Stanley utiliza la palabra «manipulación». El tono negativo del término, se sugiere, podría redefinirse como estrategias para corresponder más adecuadamente al concepto al que Stanley parece referirse. El diseño de museos y exposiciones se basa, en gran medida, en prácticas y códigos que permiten guiar a los visitantes y producir una comunicación comprensible. Esto no es solo una cuestión de arquitectura; también tiene que ver con las colecciones. Las exposiciones se organizan de formas determinadas para que los visitantes les den sentido. Es bien conocido, dentro de la museología, que las exposiciones resultan de selecciones hechas por curadores/as, museólogos/as y museógrafos/as y que las exhibiciones están diseñadas de acuerdo con su intención específica. Uno puede optar por considerar esto como un problema o como parte de la práctica museológica pero, al menos, se puede establecer que los museos son manipuladores por definición; viene con el género. Así pues, los profesionales de los museos, los productores de exposiciones y los curadores son «manipuladores» en su trabajo. Por ello, afirmar que la arquitectura y el diseño espacial son intrínsecamente manipuladores, sin considerar la práctica del museo en general, nos crea un problema.

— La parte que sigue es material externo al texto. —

Definition LMI_representable (N : nat) (S : (nat -> R) -> Prop) : Prop :=
  exists (k : nat) (A : nat -> nat -> nat -> R),
    (forall l i j, (i < k)%nat -> (j < k)%nat -> A l i j = A l j i) /\
    (forall c, S c <-> psd k (pencil N A c)) /\
    (forall c, interiorR N S c -> pd k (pencil N A c)).

(* Let [a] be the centre of a ball of radius [r] inside [K], let [d = 2m >= 4] and
   [y = x_0 - a_0].  The nonnegative polynomials
     G_u(x) = (y^2 - u)^2 (1 + y^(d-4)) + (sum_i (x_i - a_i)^d - y^d)
   depend quadratically on [u], so their coefficient vectors form a polynomial curve in the
   coefficient space.  For [0 < u < r^2], [G_u] vanishes at the point [a + sqrt u e_0] of [K]
   and so lies on the boundary of [P_d(K)], while [G_(-1)] dominates [1 + |x - a|^d] and so is
   interior.  A polynomial [phi] vanishing on the boundary restricts to a polynomial in [u]
   vanishing on (0, r^2), hence everywhere, so [phi(G_(-1)) = 0] although [G_(-1)] is interior.
   A logarithmic barrier forces [phi] to vanish at each [G_u], approached from the interior
   along the ray towards [G_(-1)].  For a pencil [L] representing [P_d(K)], [L(G_u)] is
   semidefinite but singular on the arc, so the polynomial [u |-> det L(G_u)] vanishes on
   (0, r^2) and hence at [u = -1], where [L] must be positive definite. *)

From Stdlib Require Import Reals Lra Lia Psatz List Classical FunctionalExtensionality.
From mathcomp Require all_boot all_algebra Rstruct.
Import ListNotations.
Open Scope R_scope.

Lemma rsum_ext n f g : (forall i, (i < n)%nat -> f i = g i) -> rsum n f = rsum n g.
Proof.
  induction n as [|n IH]; intros H; simpl; auto.
  rewrite IH, (H n); [reflexivity | lia | intros; apply H; lia].
Qed.

Lemma rsum_plus n f g : rsum n (fun i => f i + g i) = rsum n f + rsum n g.
Proof. induction n; simpl; [lra|]. rewrite IHn. lra. Qed.

Lemma rsum_scal n c f : rsum n (fun i => c * f i) = c * rsum n f.
Proof. induction n; simpl; [lra|]. rewrite IHn. lra. Qed.

Lemma rsum_minus n f g : rsum n (fun i => f i - g i) = rsum n f - rsum n g.
Proof. induction n; simpl; [lra|]. rewrite IHn. lra. Qed.

Lemma rsum_const n c : rsum n (fun _ => c) = INR n * c.
Proof. induction n; simpl rsum; [simpl; lra|]. rewrite IHn, S_INR. lra. Qed.

Lemma rsum_le n f g : (forall i, (i < n)%nat -> f i <= g i) -> rsum n f <= rsum n g.
Proof.
  induction n; simpl; intros H; [lra|].
  assert (f n <= g n) by (apply H; lia).
  assert (rsum n f <= rsum n g) by (apply IHn; intros; apply H; lia). lra.
Qed.

Lemma rsum_nonneg n f : (forall i, (i < n)%nat -> 0 <= f i) -> 0 <= rsum n f.
Proof.
  intros H. replace 0 with (rsum n (fun _ => 0)) by (rewrite rsum_const; lra).
  apply rsum_le; auto.
Qed.

Lemma rsum_term_le n f i :
  (forall j, (j < n)%nat -> 0 <= f j) -> (i < n)%nat -> f i <= rsum n f.
Proof.
  induction n; simpl; intros H Hi; [lia|].
  destruct (Nat.eq_dec i n) as [->|].
  - assert (0 <= rsum n f) by (apply rsum_nonneg; intros; apply H; lia). lra.
  - assert (f i <= rsum n f) by (apply IHn; [intros; apply H; lia | lia]).
    assert (0 <= f n) by (apply H; lia). lra.
Qed.

Lemma rsum_abs n f : Rabs (rsum n f) <= rsum n (fun i => Rabs (f i)).
Proof.
  induction n; simpl; [rewrite Rabs_R0; lra|].
  eapply Rle_trans; [apply Rabs_triang | lra].
Qed.

Lemma rsum_delta n j g :
  (j < n)%nat -> rsum n (fun i => if Nat.eqb i j then g i else 0) = g j.
Proof.
  induction n; simpl; intros Hj; [lia|].
  destruct (Nat.eqb_spec n j) as [->|Hne].
  - rewrite (rsum_ext j _ (fun _ => 0)), rsum_const; [lra|].
    intros i Hi. destruct (Nat.eqb_spec i j); [lia | reflexivity].
  - rewrite IHn by lia. lra.
Qed.

Lemma rsum_swap n m f :
  rsum n (fun i => rsum m (fun j => f i j)) = rsum m (fun j => rsum n (fun i => f i j)).
Proof.
  induction n; simpl; [rewrite rsum_const; lra|].
  rewrite IHn, <- rsum_plus. reflexivity.
Qed.

Lemma rsum_mul n m f g :
  rsum n (fun i => rsum m (fun j => f i * g j)) = rsum n f * rsum m g.
Proof.
  rewrite (rsum_ext n _ (fun i => rsum m g * f i)), rsum_scal; [lra|].
  intros i _. rewrite rsum_scal. lra.
Qed.

Lemma rsum_eq0_nonneg n f :
  (forall i, (i < n)%nat -> 0 <= f i) -> rsum n f = 0 -> forall i, (i < n)%nat -> f i = 0.
Proof.
  intros H H0 i Hi. pose proof (rsum_term_le n f i H Hi). pose proof (H i Hi). lra.
Qed.

(** * Polynomial functions of one real variable *)

Inductive poly_fun : (R -> R) -> Prop :=
| poly_fun_const c : poly_fun (fun _ => c)
| poly_fun_id : poly_fun (fun u => u)
| poly_fun_plus f g : poly_fun f -> poly_fun g -> poly_fun (fun u => f u + g u)
| poly_fun_mult f g : poly_fun f -> poly_fun g -> poly_fun (fun u => f u * g u).

Lemma poly_fun_pow f k : poly_fun f -> poly_fun (fun u => f u ^ k).
Proof.
  intros H; induction k; simpl; [apply poly_fun_const | apply poly_fun_mult; auto].
Qed.
(* The mixed relations say exactly that t_i acts on the s_j by conjugation as
   s_i does (Mrels_coxeterP).  Given families a, b in a group H satisfying the
   relations, a and b both satisfy the Coxeter relations of S_n, so by the
   Coxeter presentation of S_n they induce morphisms phi_a, phi_b from S_n to
   H.  Conjugation by phi_b g and by phi_a g agree on the image of phi_a, which
   is what makes t(g) s(h) |-> phi_b g * phi_a h a morphism on M_n.
   The Coxeter presentation of S_n is proved with normal forms: the relations
   rewrite any word into a product of descending runs, one per level, and the
   level-p run is read off the permutation as the image of the point p. *)

Definition coxeterA (H : groupType) (N : nat) (a : nat -> H) : Prop :=
  [/\ forall i, i < N -> a i * a i = 1,
      forall i j, i < N -> j < N -> far i j -> a i * a j = a j * a i &
      forall i, i.+1 < N -> a i * a i.+1 * a i = a i.+1 * a i * a i.+1].

Lemma farC i j : far i j = far j i.
Proof. by rewrite /far orbC. Qed.

Lemma rev_iotaSr k l : rev (iota k l.+1) = k + l :: rev (iota k l).
Proof. by rewrite -addn1 iotaD rev_cat. Qed.

Lemma rev_iotaSl k l : rev (iota k l.+1) = rcons (rev (iota k.+1 l)) k.
Proof. exact: rev_cons. Qed.

Lemma mem_rev_iota k l j : (j \in rev (iota k l)) = (k <= j < k + l).
Proof. by rewrite mem_rev mem_iota. Qed.

(* A code [:: l_N; ...; l_1] with l_p <= p stands for the word whose p-th
   block is the descending run s_(p-1) ... s_(p-l_p); these words are the
   normal forms of the Coxeter presentation of S_(N+1). *)
Fixpoint code_word (ks : seq nat) : seq nat :=
  if ks is l :: ks' then code_word ks' ++ rev (iota ((size ks').+1 - l) l)
  else [::].

Lemma code_word_cons l ks :
  code_word (l :: ks) = code_word ks ++ rev (iota ((size ks).+1 - l) l).
Proof. by []. Qed.

Fixpoint is_code (ks : seq nat) : bool :=
  if ks is l :: ks' then (l <= (size ks').+1) && is_code ks' else true.

(* The code of the normal form of (code_word ks ++ [:: i]). *)
Fixpoint code_ins (ks : seq nat) (i : nat) : seq nat :=
  if ks is l :: ks' then
    let k := (size ks').+1 - l in
    if i.+1 == k then l.+1 :: ks'
    else if i == k then l.-1 :: ks'
    else if k < i then l :: code_ins ks' i.-1
    else l :: code_ins ks' i
  else [::].

Definition code_of (N : nat) (w : seq nat) : seq nat := foldl code_ins (nseq N 0) w.

Lemma size_code_ins ks i : size (code_ins ks i) = size ks.
Proof.
elim: ks i => [|l ks IH] i //=.
by case: ifP => // _; case: ifP => // _; case: ifP => _ /=; rewrite IH.
Qed.

Lemma is_code_ins ks i : is_code ks -> i < size ks -> is_code (code_ins ks i).
Proof.
elim: ks i => [|l ks IH] i //= /andP[hl hks] hi.
case: ifP => [/eqP hik|hik]; first by rewrite /= hks andbT; lia.
case: ifP => [_|hik']; first by rewrite /= hks andbT; lia.
by case: ifP => hki; rewrite /= size_code_ins hl IH //; lia.
Qed.

Lemma code_word_lt ks : is_code ks -> all (gtn (size ks)) (code_word ks).
Proof.
elim: ks => [|l ks IH] //= /andP[hl hks]; rewrite all_cat.
apply/andP; split; first by apply: sub_all (IH hks) => j /=; lia.
by apply/allP => j; rewrite mem_rev_iota /=; lia.
Qed.

Lemma code_word_nseq0 N : code_word (nseq N 0) = [::].
Proof. by elim: N => //= N ->. Qed.

Lemma size_code_of N w : size (code_of N w) = N.
Proof.
by elim/last_ind: w => [|w i IH]; rewrite /code_of ?foldl_rcons ?size_code_ins ?size_nseq.
Qed.

Lemma is_code_of N w : all (gtn N) w -> is_code (code_of N w).
Proof.
elim/last_ind: w => [|w i IH]; first by rewrite /code_of /=; elim: N => //= N ->.
rewrite all_rcons => /andP[hi hw]; rewrite /code_of foldl_rcons.
by apply: is_code_ins; [exact: IH | rewrite size_code_of].
Qed.

Section CoxeterWords.
Variables (H : groupType) (N : nat) (a : nat -> H).
Hypothesis coxA : coxeterA N a.
Local Notation prodw w := (\prod_(i <- w) a i).

Lemma commute_prod_far i w : i < N -> all (fun j => (j < N) && far i j) w ->
  commute (a i) (prodw w).
Proof.
have [_ aC _] := coxA.
move=> hi hw; rewrite big_seq; apply: commute_prod => j /(allP hw)/andP[hj hij].
exact: aC.
Qed.

Lemma prod_run_shift k l j : k <= j -> j.+2 <= k + l -> k + l <= N ->
  prodw (rev (iota k l)) * a j.+1 = a j * prodw (rev (iota k l)).
Proof.
have [_ aC aB] := coxA.
elim: l => [|l IH] hkj hjl hlN; first by lia.
rewrite rev_iotaSr big_cons.
have [hlt|hge] := ltnP j.+2 (k + l).+1.
  rewrite -mulgA IH; try lia.
  by rewrite !mulgA aC //; rewrite /far; lia.
case: l IH hjl hlN hge => [|l] _ hjl hlN hge; first by lia.
have ->: k + l.+1 = j.+1 by lia.
rewrite rev_iotaSr big_cons (_ : k + l = j); last by lia.
have hR : commute (a j.+1) (prodw (rev (iota k l))).
  by apply: commute_prod_far; [lia | apply/allP => x; rewrite mem_rev_iota /far; lia].
by rewrite -!mulgA -hR !mulgA aB //; lia.
Qed.

Lemma prod_code_ins ks i : is_code ks -> size ks <= N -> i < size ks ->
  prodw (code_word ks) * a i = prodw (code_word (code_ins ks i)).
Proof.
have [a2 _ _] := coxA.
elim: ks i => [|l ks IH] i //= /andP[hl hks] hN hi.
set k := (size ks).+1 - l; rewrite big_cat -mulgA.
case: ifP => [/eqP hik|hik].
  rewrite /= big_cat (_ : (size ks).+1 - l.+1 = i); last by lia.
  by rewrite rev_iotaSl -cats1 big_cat big_seq1 hik.
case: ifP => [/eqP hik'|hik'].
  case: l hl @k hik hik' => [|l] hl k hik hik'; first by lia.
  rewrite /= big_cat (_ : (size ks).+1 - l = k.+1); last by lia.
  by rewrite rev_iotaSl -cats1 big_cat big_seq1 -mulgA hik' a2 ?mulg1 //; lia.
case: ifP => hki; rewrite /= big_cat size_code_ins -/k -IH //; try lia.
  case: i hi hik hik' hki => [|i] hi hik hik' hki; first by lia.
  by rewrite prod_run_shift ?mulgA //; lia.
rewrite -(commute_prod_far (i := i)) ?mulgA //; first by lia.
by apply/allP => x; rewrite mem_rev_iota /far; lia.
Qed.

Lemma prod_code_of w : all (gtn N) w -> prodw w = prodw (code_word (code_of N w)).
Proof.
elim/last_ind: w => [|w i IH].
  by rewrite /code_of /= code_word_nseq0.
rewrite all_rcons => /andP[hi hw].
rewrite /code_of foldl_rcons -prod_code_ins -/(code_of N w) -?IH ?size_code_of //.
- by rewrite -cats1 big_cat big_seq1.
- exact: is_code_of.
Qed.

End CoxeterWords.

Section SymmetricGroup.
Variable m : nat.
Local Notation permw w := (\prod_(i <- w) adjT m.+1 i).

Lemma inord_eq x y : x <= m -> y <= m -> (inord x == inord y :> 'I_m.+1) = (x == y).
Proof.
move=> hx hy; apply/eqP/eqP => [|-> //].
by move/(congr1 (@nat_of_ord _)); rewrite !inordK.
Qed.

En cuanto al espacio del museo desde una perspectiva histórica, las estrategias espaciales ciertamente han sido un método para guiar a los visitantes en direcciones específicas, tanto física como socialmente. La revisión de la historia del museo de Tony Bennett describe el museo como «una institución de control y poder en relación con la arquitectura y el diseño espacial», pero desde una óptica ligeramente diferente a la mencionada anteriormente. Bennett afirma que cuando los museos se volvieron más accesibles al público en el siglo XIX, como un acto de democratización, su arquitectura también se transformó. A medida que aumentaba el número de visitantes y comenzaban a incluirse ciudadanos de clase trabajadora, creció la necesidad de supervisión, ya que la aglomeración provocaba temor frente al riesgo de robo y vandalismo. Los espacios se volvieron abiertos, voluminosos y transparentes, parecidos a galerías y grandes almacenes, a fin de que los visitantes pudieran contemplar los objetos en las exposiciones y relacionarlos entre sí. El público se autocontroló, y el resultado fue la vigilancia a través del diseño espacial. Esto implicaba también educar a los ciudadanos de clase trabajadora, ya que podían contemplar arte sofisticado y, al mismo tiempo, observar a la burguesía y aprender a comportarse y vestirse de acuerdo con los estándares de los ciudadanos de clase media y alta, tanto dentro como fuera de los museos (dice Bennett). El museo, argumenta Bennett, se utilizó con ánimos políticos para gestionar al público en un intento de poner orden en la sociedad.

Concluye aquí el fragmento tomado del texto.